[Given entries]

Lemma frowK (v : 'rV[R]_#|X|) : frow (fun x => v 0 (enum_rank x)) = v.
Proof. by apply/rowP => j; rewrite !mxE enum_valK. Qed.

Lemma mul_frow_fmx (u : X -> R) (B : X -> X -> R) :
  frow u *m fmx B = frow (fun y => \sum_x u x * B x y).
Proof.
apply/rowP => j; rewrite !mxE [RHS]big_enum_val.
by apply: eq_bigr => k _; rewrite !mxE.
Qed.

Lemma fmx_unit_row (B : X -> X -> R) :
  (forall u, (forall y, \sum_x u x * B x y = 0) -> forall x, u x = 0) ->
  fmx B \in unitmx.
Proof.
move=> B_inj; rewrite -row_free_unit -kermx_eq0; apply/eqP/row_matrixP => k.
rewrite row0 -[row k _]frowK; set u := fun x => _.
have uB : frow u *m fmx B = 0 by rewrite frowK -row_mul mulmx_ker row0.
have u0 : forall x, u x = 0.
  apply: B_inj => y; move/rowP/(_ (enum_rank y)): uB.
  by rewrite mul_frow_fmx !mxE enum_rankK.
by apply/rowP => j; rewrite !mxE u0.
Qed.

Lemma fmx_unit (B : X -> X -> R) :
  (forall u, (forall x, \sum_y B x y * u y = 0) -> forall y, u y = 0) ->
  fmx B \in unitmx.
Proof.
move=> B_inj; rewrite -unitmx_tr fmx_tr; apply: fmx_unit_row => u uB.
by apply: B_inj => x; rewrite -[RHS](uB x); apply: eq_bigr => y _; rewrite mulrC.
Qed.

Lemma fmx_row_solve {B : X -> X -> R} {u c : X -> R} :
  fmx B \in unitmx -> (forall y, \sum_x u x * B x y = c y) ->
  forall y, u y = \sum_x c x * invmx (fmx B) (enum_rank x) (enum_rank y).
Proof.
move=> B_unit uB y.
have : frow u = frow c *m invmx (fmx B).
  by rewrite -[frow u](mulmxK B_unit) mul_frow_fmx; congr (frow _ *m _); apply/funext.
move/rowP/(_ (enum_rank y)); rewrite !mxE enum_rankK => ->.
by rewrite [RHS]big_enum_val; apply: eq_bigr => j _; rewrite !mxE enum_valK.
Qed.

[Directions] In the data above, each line holding "Lemma" is to be found and copied.

[Exercise output]
Lemma frowK (v : 'rV[R]_#|X|) : frow (fun x => v 0 (enum_rank x)) = v.
Lemma mul_frow_fmx (u : X -> R) (B : X -> X -> R) :
Lemma fmx_unit_row (B : X -> X -> R) :
Lemma fmx_unit (B : X -> X -> R) :
Lemma fmx_row_solve {B : X -> X -> R} {u c : X -> R} :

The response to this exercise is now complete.